Excerpt
My mother refused the doctor's diagnosis, quit her part-time position at the local daycare, and every day forced me to fight through it. I never hated her for it, even though I wanted to give up so many times. She pushed me, not for herself, but for me. She wanted me to be strong and prove to myself that I was worth fighting for. That was when the barrier was really put up between me and my grandmother. She called every day begging my mother to let her help and of course was refused. I often overheard my mother arguing with my father, who argued against her, though not nearly as forcefully as he could have.
"It couldn't hurt. Why not just try it? If it helps and takes away her pain, even a little, isn't that worth trying?" My father tried to talk some sense into my mother, but she simply would not hear it. He would look at me with such guilt in his eyes. As if he blamed himself for what was happening to me. I guess that is how any parent would feel, as though their own genetics had damned their child.
My mother felt my father would betray her and refused to let my grandmother be with me without 'proper supervision', which meant my mother hovering over us whenever she came to visit, even if my father was there. She couldn't allow my grandmother sneaking behind her back to taint me, as if she were going to poison my soul. She wouldn't even let me drink the store-bought tea she would bring for me, afraid she had slipped something past the sealed cap!
I thought of my grandmother again. She hadn't called today like she always did. Was something wrong? I picked up the phone clumsily, nearly dropping it, and dialed her number. The phone rang; each ring longer than the one before it. She wasn't home? She had no answering machine, so I couldn't leave her a message. The phone just kept ringing. I slammed the receiver down in the cradle and tried not to worry as I stuffed the remainder of the fruit down my throat and tossed the dishes in the sink.

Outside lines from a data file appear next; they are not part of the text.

(* A linear dependency among the edge rows makes one edge redundant. *)
Lemma rigid_drop S : rigid S -> (n < #|S|)%N -> exists2 e, e \in S & rigid (S :\ e).
Proof.
move=> rigS n_lt_S.
have : ~~ row_free (edge_rows S).
  by apply: contraL n_lt_S => /eqP <-; rewrite -leqNgt rank_leq_col.
rewrite -kermx_eq0 => /rowV0Pn [v /sub_kermxP vA v_neq0].
have [j vj] : exists j, v 0 j != 0.
  apply/existsP; apply: contraR v_neq0 => /existsPn v0; apply/eqP/rowP => j.
  by move/negPn/eqP: (v0 j); rewrite mxE.
exists (enum_val j); first exact: enum_valP.
move=> x xr xS; pose c : 'cV[F]_n := \col_a x (iota a).
have Ac j' : (edge_rows S *m c) j' 0 = x (enum_val j').1 - x (enum_val j').2.
  have c_x : (fun a => c a 0) =1 (fun a => x (iota a)) by move=> a; rewrite mxE.
  by rewrite edge_rows_mul !(eq_grounded c_x) !grounded_restrict.
have Ac_other j' : j' != j -> (edge_rows S *m c) j' 0 = 0.
  move=> j'j; rewrite Ac xS ?subrr // !inE enum_valP andbT.
  by apply: contra j'j => /eqP /enum_val_inj ->.
have Ac_j : (edge_rows S *m c) j 0 = 0.
  have := congr1 (fun M => (M *m c) 0 0) vA.
  rewrite -mulmxA mul0mx !mxE (bigD1 j) //= big1 ?addr0.
    by move/eqP; rewrite mulf_eq0 (negPf vj) mxE => /eqP.
  by move=> j' j'j; rewrite Ac_other // mulr0.
apply: rigS => // e eS; have [->|e_neq] := eqVneq e (enum_val j).
  by apply/eqP; rewrite -subr_eq0 -Ac Ac_j.
by apply: xS; rewrite !inE e_neq.
Qed.

Lemma grounded_connect_eq0 (e : rel V) (v : 'rV[F]_n) : (forall a b, connect e a b) ->
  (forall a b, e a b -> grounded (v 0) a = grounded (v 0) b) -> v = 0.
Proof.
move=> conn ve; apply/rowP => a; rewrite mxE -(grounded_lift (v 0)) -(grounded_root (v 0)).
exact: connect_const ve _ _ (conn _ _).
Qed.

End ReducedIncidence.

Lemma minimal_connected_card n (S : {set 'I_n.+1 * 'I_n.+1}) : spans_connected S ->
  [forall e in S, ~~ spans_connected (S :\ e)] = (#|S| == n).
Proof.
move=> /(rigid_spans_connected rat) rigS; apply/forall_inP/eqP => [minS | cardS].
  apply/eqP; rewrite eqn_leq (rigid_card rigS) andbT leqNgt; apply/negP => /(rigid_drop rigS).
  by case=> e /minS /negP nconn /rigid_spans_connected.
move=> e eS; apply/negP => /(rigid_spans_connected rat) /rigid_card.
have := cardsD1 e S; rewrite eS cardS add1n => n_eq.
by rewrite leqNgt [X in (_ < X)%N]n_eq ltnSn.
Qed.

Section MatrixTree.
Variables (F : fieldType) (n : nat).
Local Notation V := 'I_n.+1.
Local Notation K := (V * V)%type.
Local Notation r := (@ord_max n).
Local Notation incid := (@incid F n).

Definition reduced_laplacian (q : K -> F) : 'M[F]_n :=
  \matrix_(i, j) \sum_e incid i e * q e * incid j e.

Definition incid_mx (f : {ffun 'I_n -> K}) : 'M[F]_n :=
  signed_incidence_mx F (fun b => unlift r (f b).1) (fun b => unlift r (f b).2).

Lemma incid_mxE f a b : incid_mx f a b = incid a (f b).
Proof. by rewrite mxE. Qed.

Definition edge_image (f : {ffun 'I_n -> K}) : {set K} := [set f i | i : 'I_n].
(* Step (3) for one edge (v_i, v_j): state (A, S) -> (A', S'). *)
Definition merge_step (R : realFieldType) (n m : nat) (T : 'I_n -> 'I_n -> 'M[R]_m)
  (A : 'I_n -> 'M[R]_m) (S : 'I_n -> {set 'I_n}) (e : 'I_n * 'I_n)
  (A' : 'I_n -> 'M[R]_m) (S' : 'I_n -> {set 'I_n}) : Prop :=
  let i := e.1 in let j := e.2 in
  exists s : 'S_m,
    is_argmax_perm (A i *m T i j *m (A j)^T) s /\
    (forall k, A' k = if k \in S j then perm_mx s *m A k else A k) /\
    (forall k, S' k = if k \in S i :|: S j then S i :|: S j else S k).

Fixpoint merge_run (R : realFieldType) (n m : nat) (T : 'I_n -> 'I_n -> 'M[R]_m)
  (A : 'I_n -> 'M[R]_m) (S : 'I_n -> {set 'I_n}) (E : seq ('I_n * 'I_n))
  (A' : 'I_n -> 'M[R]_m) : Prop :=
  match E with
  | [::] => forall k, A' k = A k
  | e :: E1 => exists A1 S1, merge_step T A S e A1 S1 /\ merge_run T A1 S1 E1 A'
  end.

(* Step (4), one coordinate update at index i:
   A_i <- argmax_{A in P_m} tr(A^T sum_{j<>i} A_j T_ji)
   (the block-coordinate maximization of L). *)
Definition coord_step (R : realFieldType) (n m : nat) (T : 'I_n -> 'I_n -> 'M[R]_m)
  (A : 'I_n -> 'M[R]_m) (i : 'I_n) (A' : 'I_n -> 'M[R]_m) : Prop :=
  exists s : 'S_m,
    is_argmax_perm (\sum_(j < n | j != i) A j *m T j i) s /\
    A' i = perm_mx s /\ (forall k, k != i -> A' k = A k).

Fixpoint coord_run (R : realFieldType) (n m : nat) (T : 'I_n -> 'I_n -> 'M[R]_m)
  (A : 'I_n -> 'M[R]_m) (idx : seq 'I_n) (A' : 'I_n -> 'M[R]_m) : Prop :=
  match idx with
  | [::] => forall k, A' k = A k
  | i :: idx1 => exists A1, coord_step T A i A1 /\ coord_run T A1 idx1 A'
  end.

(* A is a possible output of Algorithm 1 (any MST, any edge order/orientation,
   any initial permutation matrices, any argmax choices, any finite sequence of
   coordinate updates). *)
Definition algorithm1_output (R : realFieldType) (n m : nat)
  (T : 'I_n -> 'I_n -> 'M[R]_m) (A : 'I_n -> 'M[R]_m) : Prop :=
  exists (E : seq ('I_n * 'I_n)) (A0 Amid : 'I_n -> 'M[R]_m) (idx : seq 'I_n),
    [/\ max_spanning_tree T E, (forall i, is_perm_mx (A0 i)),
        merge_run T A0 (fun i => [set i]) E Amid & coord_run T Amid idx A].

Definition Lval (R : realFieldType) (n m : nat) (T : 'I_n -> 'I_n -> 'M[R]_m)
  (A : 'I_n -> 'M[R]_m) : R :=
  \sum_(i < n) \sum_(j < n) \tr (A i *m T i j *m (A j)^T).

From HB Require Import structures.
From mathcomp Require Import all_boot all_order all_algebra all_fingroup.
Import Order.TTheory GRing.Theory Num.Theory.
Local Open Scope ring_scope.
Set Implicit Arguments. Unset Strict Implicit. Unset Printing Implicit Defensive.

(* Write A_k = perm_mx (al k). Consistency makes the maximizers a cocycle, and
   step (3) keeps every merged component "aligned": al b = al a * P_ab whenever
   a and b lie in the same component. Only the connectivity of the tree matters: once all vertices are merged,
   al b = al a * P_ab for all a, b. Then in the objective of a coordinate update
   at i every summand tr(A^T A_j T_ji) is maximized by A = A_i, and uniqueness of
   the maximizer of T_ji forces the update to return A_i again; so step (4)
   changes nothing. Finally each term tr(A_i T_ij A_j^T) of L equals
   f(T_ij), its largest possible value. *)

Lemma perm_mx_inj (R : realFieldType) m : injective (@perm_mx R m).
Proof.
move=> s t Est; apply/permP=> i.
have := congr1 (fun M : 'M[R]_m => M i (s i)) Est.
rewrite /perm_mx !mxE eqxx.
by case: eqP => // _ /eqP; rewrite oner_eq0.
Qed.

Definition perm_score (R : realFieldType) m (M : 'M[R]_m) (s : 'S_m) : R :=
  \tr ((perm_mx s)^T *m M).

Section PermScore.
Variables (R : realFieldType) (m : nat).
Implicit Types (M : 'M[R]_m) (s x y : 'S_m).

Lemma perm_score_conj M x y s :
  perm_score (perm_mx x *m M *m (perm_mx y)^T) s = perm_score M (x^-1 * s * y).
Proof.
rewrite /perm_score !tr_perm_mx mulmxA mxtrace_mulC !mulmxA -!perm_mxM.
by rewrite !invMg invgK !mulgA.
Qed.

Lemma perm_score_mull M x s :
  perm_score (perm_mx x *m M) s = perm_score M (x^-1 * s).
Proof. by have := perm_score_conj M x 1 s; rewrite perm_mx1 trmx1 mulmx1 mulg1. Qed.

Lemma mxtrace_perm_score M : \tr M = perm_score M 1.
Proof. by rewrite /perm_score perm_mx1 trmx1 mul1mx. Qed.

Lemma perm_score_sum n (F : 'I_n -> 'M[R]_m) (Q : pred 'I_n) s :
  perm_score (\sum_(j | Q j) F j) s = \sum_(j | Q j) perm_score (F j) s.
Proof. by rewrite /perm_score mulmx_sumr raddf_sum. Qed.

Lemma is_argmax_perm_conj M x y s :
  is_argmax_perm (perm_mx x *m M *m (perm_mx y)^T) s ->
  is_argmax_perm M (x^-1 * s * y).
Proof.
move=> smax t; have := smax (x * t * y^-1)%g.
by rewrite -/(perm_score _ _) -/(perm_score _ _) !perm_score_conj !mulgA mulVg mul1g mulgKV.
Qed.

End PermScore.

Lemma ler_sum_common_argmax (R : realDomainType) (I : finType) (Q : pred I)
    (X : Type) (F : I -> X -> R) (x y : X) :
  (forall i, Q i -> forall z, F i z <= F i x) ->
  \sum_(i | Q i) F i x <= \sum_(i | Q i) F i y ->
  forall i, Q i -> F i x <= F i y.
Proof.
move=> xmax + i Qi; rewrite (bigD1 i) // [leRHS](bigD1 i) //= => ysum.
rewrite -(lerD2r (\sum_(j | Q j && (j != i)) F j x)); apply: le_trans ysum _.
by rewrite lerD2l; apply: ler_sum => j /andP[Qj _]; apply: xmax.
Qed.

Section Blocks.
Variable n : nat.
Implicit Types (S : 'I_n -> {set 'I_n}) (a b i j k x y : 'I_n).

Definition blocks S := (forall k, k \in S k) /\ (forall k a, a \in S k -> S a = S k).

Lemma eq_blocks S S' : S =1 S' -> blocks S -> blocks S'.
Proof.
by move=> eqS [Sk_k Sclosed]; split=> [k | k a]; rewrite -!eqS; [apply: Sk_k | apply: Sclosed].
Qed.

Definition join_blocks S i j k : {set 'I_n} :=
  if k \in S i :|: S j then S i :|: S j else S k.

Lemma block_mem_eq S a x y : blocks S -> a \in S x -> (a \in S y) = (x \in S y).
Proof.
move=> [Sk_k Sclosed] ax; apply/idP/idP => [ay|xy].
  by rewrite -(Sclosed _ _ ay) (Sclosed _ _ ax).
by rewrite -(Sclosed _ _ xy).
Qed.

Lemma join_blocks_mem S i j a x : blocks S -> a \in S x ->
  (a \in S i :|: S j) = (x \in S i :|: S j).
Proof. by move=> Sb ax; rewrite !inE !(block_mem_eq _ Sb ax). Qed.

Lemma blocks_join S i j : blocks S -> blocks (join_blocks S i j).
Proof.
move=> Sb; have [Sk_k Sclosed] := Sb; rewrite /join_blocks.
split=> [k | k a]; first by case: ifP.
case: ifP => [kU aU | kU ak]; first by rewrite aU.
by rewrite (join_blocks_mem _ _ Sb ak) kU; apply: Sclosed.
Qed.

Lemma sub_join_blocks S i j k : blocks S -> S k \subset join_blocks S i j k.
Proof.
move=> Sb; rewrite /join_blocks; case: ifP => // kU.
by apply/subsetP => a ak; rewrite (join_blocks_mem _ _ Sb ak).
Qed.

Lemma join_blocks_edge S i j : blocks S -> j \in join_blocks S i j i.
Proof. by move=> [Sk_k _]; rewrite /join_blocks inE Sk_k /= inE Sk_k orbT. Qed.

Lemma connect_blocks S (E : seq ('I_n * 'I_n)) : blocks S ->
  (forall e, e \in E -> e.2 \in S e.1) ->
  forall x y, connect (edge_rel E) x y -> y \in S x.
Proof.
move=> [Sk_k Sclosed] Eblock x y /connectP[p xp ->] {y}.
elim: p x xp => [|z p IHp] x /=; first by rewrite Sk_k.
case/andP => xz zp; have zx : z \in S x.
  case/orP: xz => [/Eblock // | /Eblock /= xz].
  by rewrite (Sclosed _ _ xz) Sk_k.
by rewrite -(Sclosed _ _ zx); apply: IHp.
Qed.

End Blocks.

Section Synchronization.
Variables (R : realFieldType) (n m : nat) (T : 'I_n -> 'I_n -> 'M[R]_m).
Variable P : 'I_n -> 'I_n -> 'S_m.
Hypothesis P_argmax : forall i j s, is_argmax_perm (T i j) s <-> s = P i j.
Hypothesis P_cocycle : forall i j k, (P i j * P j k)%g = P i k.
Implicit Types (S : 'I_n -> {set 'I_n}) (al : 'I_n -> 'S_m) (A : 'I_n -> 'M[R]_m).

Lemma is_argmax_P i j : is_argmax_perm (T i j) (P i j).
Proof. exact/P_argmax. Qed.

Lemma P_id i : P i i = 1%g.
Proof. by apply: (mulgI (P i i)); rewrite mulg1 P_cocycle. Qed.

Definition aligned S al := forall a b, b \in S a -> al b = (al a * P a b)%g.

Definition merge_invariant A S :=
  blocks S /\ exists2 al, (forall k, A k = perm_mx (al k)) & aligned S al.

Lemma aligned_join S al i j (s : 'S_m) : blocks S -> aligned S al ->
  (s * al j = al i * P i j)%g ->
  aligned (join_blocks S i j) (fun k => if k \in S j then s * al k else al k)%g.
Proof.
move=> Sb al_ok s_ok; set al' := fun k => _.
have from_i k : k \in S i :|: S j -> al' k = (al i * P i k)%g.
  rewrite /al' inE; case: ifP => [kj _ | _ /orP[ki | //]].
    by rewrite (al_ok j k) // mulgA s_ok -mulgA P_cocycle.
  exact: al_ok.
move=> a b; rewrite /join_blocks; case: ifP => [aU bU | aU ba].
  by rewrite !from_i // -mulgA P_cocycle.
have := join_blocks_mem i j Sb ba; rewrite aU => bU.
move: aU bU; rewrite !inE => /norP[_ aj] /norP[_ bj].
by rewrite /al' (negbTE aj) (negbTE bj); apply: al_ok.
Qed.

Lemma merge_step_invariant A S e A' S' :
  merge_step T A S e A' S' -> merge_invariant A S ->
  [/\ merge_invariant A' S', forall k, S k \subset S' k & e.2 \in S' e.1].
Proof.
case: e => i j /= [s [smax [A'_def S'_def]]] [Sb [al A_al al_ok]].
have S'_join k : S' k = join_blocks S i j k by rewrite S'_def.
have s_ok : (s * al j = al i * P i j)%g.
  rewrite !A_al in smax; have /P_argmax <- := is_argmax_perm_conj smax.
  by rewrite -!mulgA mulKVg.
split; first split.
- by apply: (eq_blocks (fun k => esym (S'_join k))); apply: blocks_join.
- exists (fun k => if k \in S j then s * al k else al k)%g.
    by move=> k; rewrite A'_def A_al; case: ifP; rewrite ?perm_mxM.
  by move=> a b; rewrite !S'_join; apply: aligned_join.
- by move=> k; rewrite S'_join sub_join_blocks.
- by rewrite S'_join join_blocks_edge.
Qed.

Any other day I would wash them and put them back in their designated spot the way my mother would have, but I was too distracted to care. Why I was so upset over one missed call? What is the big deal? After living inside of what was basically a controlled environment for so long, where everything is predictable, I was like a common test animal in a lab. Change one factor of their ecosystem and their little minds go ape shit.
Something inside me told me I needed to go and make sure that she was alright. I threw my clothes on hastily, oversized jeans and an orange t-shirt (fashion icon over here) and moved as quickly as I could to get to my car in the garage. I tried to imagine that the phone had simply come unplugged, or she was out tending to her garden. I got in my car; the one my father had gotten me for my 16th birthday, a blue 2003 Chevy Malibu. Like the house and myself, it too had been poorly cared for. It was near the point where I would soon have to consider getting a new car, but it was hard to see the point in that since I rarely put it to use, and didn't know how much longer I would be able to drive at all.
I drove the 20-minute trip in ten and was shocked that I hadn't been pulled over; suburban police are usually on the lookout for early morning procrastinators speeding to get to work on time. I glanced around the front of my grandmother's overly accessorized front yard as I pulled to a stop; my heart ached when I didn't see her out there. I parked and once again forced my body to move as fast as it would toward her door. I told myself that I wouldn't regret it later, but knew that I would. Denial only gets you so far.